- **Assignment**
Below are the records; give the number of lines in them that include the word "Lemma", and nothing more.

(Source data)
Lemma escape_proj_cvg s (r c : R) : 1 <= r -> 0 <= c -> expanding_orbit r c s ->
  (exists n, (0 < n)%N /\ dominant l r (s n)) ->
  proj_cvg (fun n => homcoord (s n)) hom_basis.
Proof.
move=> r_ge1 c_ge0 s_exp [n0 [n0_gt0 s_dom]].
have growth := expanding_orbit_growth r_ge1 n0_gt0 s_exp s_dom.
have pos j : 0 < cabs (coord (s (n0 + j)%N) l).
  by have [_ grow_j] := growth j; apply: lt_le_trans grow_j; rewrite exprn_gt0.
apply: (@homcoord_basis_cvg _ (c + 1) n0.+1); first lra.
  move=> n n_gt; rewrite -cabs_eq0 gt_eqF //.
  by have -> : n = (n0 + (n - n0))%N by lia.
move=> n i n_gt; have nE : n = (n0 + (n - n0.+1)).+1 by lia.
rewrite [in X in X <= _]nE; set j := (n - n0.+1)%N.
have [dom_j grow_j] := growth j.
apply: le_trans (expanding_step_homcoord_le i c_ge0 (pos j) _) _.
  exact: s_exp (ltn_addr _ n0_gt0) dom_j.
rewrite ler_wpM2l ?lef_pV2 ?posrE ?exprn_gt0 //; lra.
Qed.

Lemma proj_cvg_basis_small s : proj_cvg (fun n => homcoord (s n)) hom_basis ->
  forall e, 0 < e -> exists N, forall n, (N <= n)%N ->
    forall i : 'I_k.+1, (i : nat) != l -> cabs (homcoord (s n) i) < e * cabs (coord (s n) l).
Proof.
move=> [j [basis_j [[N1 s_neq0] s_cvg]]] e e_gt0.
have jl : (j : nat) = l.
  by apply/eqP; move: basis_j; rewrite /hom_basis; case: ((j : nat) == l); rewrite ?eqxx.
have [N2 close] := eventually_forall_fin (fun i => s_cvg i _ e_gt0).
exists (maxn N1 N2) => n; rewrite geq_max => /andP [n_ge1 n_ge2] i i_neq.
have homj : homcoord (s n) j = coord (s n) l by rewrite /homcoord jl l_lt.
have xl_gt0 : 0 < cabs (coord (s n) l) by rewrite lt0r cabs_eq0 -homj s_neq0 ?cabs_ge0.
have := close i n n_ge2; rewrite homj /hom_basis jl eqxx divr1 (negbTE i_neq) subr0.
by rewrite ltc_cabs cabs_div ltr_pdivrMr.
Qed.

Lemma dominant_interior x (r : R) : 0 <= r ->
  (forall m, (m < k)%N -> m != l -> 2 * K * cabs (coord x m) <= cabs (coord x l)) ->
  2 * (K + 1) + r <= cabs (coord x l) -> interior_Ck (dominant l r) x.
Proof.
move=> r_ge0 x_dom xl_ge; have K_ge0 : 0 <= K by rewrite ler0n.
exists 1; split=> [|y y_near]; first lra.
have near m : (m < k)%N -> cabs (coord y m - coord x m) < 1.
  by move=> m_lt; rewrite !(coord_lt _ m_lt) -ltc_cabs; apply: y_near.
have yl_ge : cabs (coord x l) - 1 <= cabs (coord y l).
  have := ler_cabsB (coord x l) (coord y l - coord x l); rewrite subrKC.
  by have := near l l_lt; lra.
split=> [|m m_lt m_neq]; first lra.
have ym_le : cabs (coord y m) <= cabs (coord x m) + 1.
  have := ler_cabsD (coord x m) (coord y m - coord x m); rewrite subrKC.
  by have := near m m_lt; lra.
have := x_dom m m_lt m_neq; have := ler_wpM2l K_ge0 ym_le; lra.
Qed.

- **Expected answer**
3